ACL 2025 LLM Safety Chinese Benchmark Factuality Evaluation SimpleQA Knowledge Boundary RAG Alignment Tax Calibration

Chinese SimpleQA: A Chinese Factuality Evaluation for Large Language Models¶

Conference: ACL 2025
arXiv: 2411.07140
Code: https://openstellarteam.github.io/ChineseSimpleQA/
Authors: Yancheng He, Shilong Li, Jiaheng Liu et al.
Institution: Alibaba Taobao and Tmall Group
Area: LLM Evaluation / Factuality
Keywords: Chinese Benchmark, Factuality Evaluation, SimpleQA, Knowledge Boundary, RAG, Alignment Tax, Calibration

TL;DR¶

Proposes Chinese SimpleQA, the first comprehensive Chinese factuality evaluation benchmark, containing 3,000 high-quality short Q&A pairs (covering 6 main domains and 99 sub-domains). After evaluating 41 LLMs, only o1-preview (63.8%) and Doubao-pro-32k (61.9%) passed. The study systematically reveals key insights such as "larger models perform better," "RAG narrows the gap," and "alignment lowers factuality."

Background & Motivation¶

Background: - LLM-generated factually inconsistent content (hallucination) severely hinders the widespread application of Artificial General Intelligence (AGI). - OpenAI's SimpleQA benchmark provides a concise and reliable tool for English factuality evaluation, but is primarily designed for English. - Existing Chinese LLM benchmarks (C-Eval, CMMLU) mainly test reasoning capabilities and do not specifically evaluate the boundaries of Chinese factual knowledge.

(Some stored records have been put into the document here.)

Lemma sum_proj_compl_delta_norm :
  \sum_a (adj (Pc *m e a) *m (Pc *m e a)) 0 0 = n.-1%:R.
Proof.
rewrite -mxtrace_proj_compl; apply: eq_bigr => a _.
rewrite adj_mul adj_proj_compl -mulmxA (mulmxA Pc) proj_compl_idem adj_delta.
by rewrite mulmxA -rowE -colE !mxE.
Qed.

Variable m : nat.
Hypothesis n_gt1 : (1 < n)%N.
Local Notation c := (n.-1%:R : C)^-1.

Lemma predn_natr_neq0 : n.-1%:R != 0 :> C.
Proof. by rewrite pnatr_eq0 -lt0n ltn_predRL. Qed.

Definition prepare : 'M[C]_(m + m) -> 'M[C]_(n * m) :=
  kraus (sum_weight (fun=> 1 : C) (fun=> c))
        (row_ops (fun _ : 'I_1 => vtens m psi) (fun a => vtens m (Pc *m e a))).

Lemma prepareE X Y : prepare (block_mx X 0 0 Y) = P *t X + Pc *t (c *: Y).
Proof.
rewrite /prepare kraus_row_ops !kraus_vtens big_ord1 scale1r.
by rewrite -scaler_sumr sum_proj_compl_delta tensmxZl tensmxZr.
Qed.

Lemma CPTP_prepare : CPTP prepare.
Proof.
apply: CPTP_kraus; first by case=> ? /=; rewrite ?invr_ge0 ?ler0n ?ler01.
rewrite row_ops_complete !vtens_complete big_ord1 mul1r psi_unit mxE scale1r.
rewrite -mulr_sumr sum_proj_compl_delta_norm mulVf ?predn_natr_neq0 //.
by rewrite scale1r -scalar_mx_block.
Qed.

End UnitVector.

(** * Bounds on the relative entropy *)

Section RelativeEntropy.
Variables (b : R) (D : relent R).
Hypothesis hD : is_rel_K_entropy b D.

Lemma relK_ge0_proj N (Q S T : 'M[C]_N) :
  adj Q = Q -> Q *m Q = Q -> psd S -> psd T ->
  \tr (Q *m S *m adj Q) = 1 -> (1%:M - Q) *m S = 0 -> \tr (Q *m T *m adj Q) = 1 ->
  (0 <= D S T)%E.
Proof.
move=> hQ QQ hS hT trS S_Q trT; have [dpi dsum _ refl] := hD.
have := dpi _ _ _ S T (CPTP_measure_proj hQ QQ) hS hT.
rewrite !measure_projE trS S_Q trT mul0mx mxtrace0 raddf0 dsum ?refl //.
- exact: density1.
- exact: psd1.
- exact: psd1.
- by apply/psd_scalar/psd_mxtrace_ge0/psd_congr.
Qed.

Lemma relK_proj_tens_le0 n m (psi : 'cV[C]_n) (rho : 'M[C]_m) :
  adj psi *m psi = 1 -> (1 < n)%N -> density rho ->
  (D ((psi *m adj psi) *t rho) (1%:M *t rho) <= 0)%E.
Proof.
move=> psi_unit n_gt1 [rho_psd rho_tr]; have [dpi dsum _ refl] := hD.
have rho'_psd : psd (n.-1%:R *: rho) by apply: psdZ; rewrite ?ler0n.
have := dpi _ _ _ _ _ (CPTP_prepare psi_unit m n_gt1)
  (psd_block rho_psd (psd0 m)) (psd_block rho_psd rho'_psd).
rewrite !(prepareE psi_unit) scaler0 tensmx0 addr0 scalerA mulVf ?predn_natr_neq0 //.
by rewrite scale1r -tensmxDl addrC subrK dsum ?refl.
Qed.
Section ParAssoc.
Variables (a b ab H k bH : cgraph A) (f1 f2 F1 F2 e1 e2 phi : nat -> nat).
Hypotheses (wa : wf ar a) (wb : wf ar b) (wab : wf ar ab) (wH : wf ar H).
Hypotheses (Cab : gluing a b ab f1 f2) (sort_ab : gsort ab = gsort a `|` gsort b)
  (src_ab1 : forall s, s \in gsort a -> src ab s = f1 (src a s))
  (src_ab2 : forall s, s \in gsort b -> src ab s = f2 (src b s)).
Hypothesis Ck : gluing ab H k F1 F2.
Hypotheses (CbH : gluing b H bH e1 e2) (sort_bH : gsort bH = gsort b `|` gsort H)
  (src_bH1 : forall s, s \in gsort b -> src bH s = e1 (src b s))
  (src_bH2 : forall s, s \in gsort H -> src bH s = e2 (src H s)).

Lemma assoc_src_ab1 v s : v < nv a -> s \in gsort ab -> f1 v = src ab s ->
  s \in gsort a /\ v = src a s.
Proof.
move=> lt_v; rewrite sort_ab in_fsetU => /orP [s_a|s_b] src_s.
  by split=> //; apply: (gl_inj1 Cab lt_v (wf_src wa s_a)); rewrite -src_ab1.
have [t [t_a t_b v_t src_st]] :=
  proj1 (gl_fused Cab lt_v (wf_src wb s_b)) (etrans src_s (src_ab2 s_b)).
by rewrite (wf_inj wb s_b t_b src_st).
Qed.

Lemma assoc_src_ab2 i s : i < nv b -> s \in gsort ab -> f2 i = src ab s ->
  s \in gsort b /\ i = src b s.
Proof.
move=> lt_i; rewrite sort_ab in_fsetU => /orP [s_a|s_b] src_s; last first.
  by split=> //; apply: (gl_inj2 Cab lt_i (wf_src wb s_b)); rewrite -src_ab2.
have [t [t_a t_b src_st i_t]] :=
  proj1 (gl_fused Cab (wf_src wa s_a) lt_i) (esym (etrans src_s (src_ab1 s_a))).
by rewrite (wf_inj wa s_a t_a src_st).
Qed.

Lemma assoc_fused_ab_H s : s \in gsort ab -> s \in gsort H ->
  F1 (src ab s) = F2 (src H s).
Proof.
by move=> s_ab s_H; apply/(gl_fused Ck (wf_src wab s_ab) (wf_src wH s_H)); exists s.
Qed.

Lemma assoc_fused_b_H i w : i < nv b -> w < nv H -> fused b H i w -> F1 (f2 i) = F2 w.
Proof.
move=> _ _ [s [s_b s_H -> ->]]; rewrite -src_ab2 //.
by apply: assoc_fused_ab_H; rewrite // sort_ab in_fsetU s_b orbT.
Qed.

Lemma assoc_glued_b_H i w : i < nv b -> w < nv H -> F1 (f2 i) = F2 w -> e1 i = e2 w.
Proof.
move=> lt_i lt_w /(gl_fused Ck (gl_ltn2 Cab lt_i) lt_w) [s [s_ab s_H src_i w_s]].
have [s_b i_s] := assoc_src_ab2 lt_i s_ab src_i.
by apply/(gl_fused CbH lt_i lt_w); exists s.
Qed.

Hypotheses (phi_e1 : forall i, i < nv b -> phi (e1 i) = F1 (f2 i))
  (phi_e2 : forall w, w < nv H -> phi (e2 w) = F2 w).

Lemma assoc_phi_lt u : u < nv bH -> phi u < nv k.
Proof.
case/(gl_surj CbH) => [[i lt_i <-]|[w lt_w <-]].
  by rewrite phi_e1 // (gl_ltn1 Ck) // (gl_ltn2 Cab).
by rewrite phi_e2 // (gl_ltn2 Ck).
Qed.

Core Problem: - Lack of a factuality evaluation benchmark focused on the Chinese language. - Significant discrepancy between LLM performance in Chinese knowledge domains (especially Chinese culture-related knowledge) and English. - Systematic validation is lacking regarding whether alignment training (RLHF/DPO, etc.) reduces model factuality.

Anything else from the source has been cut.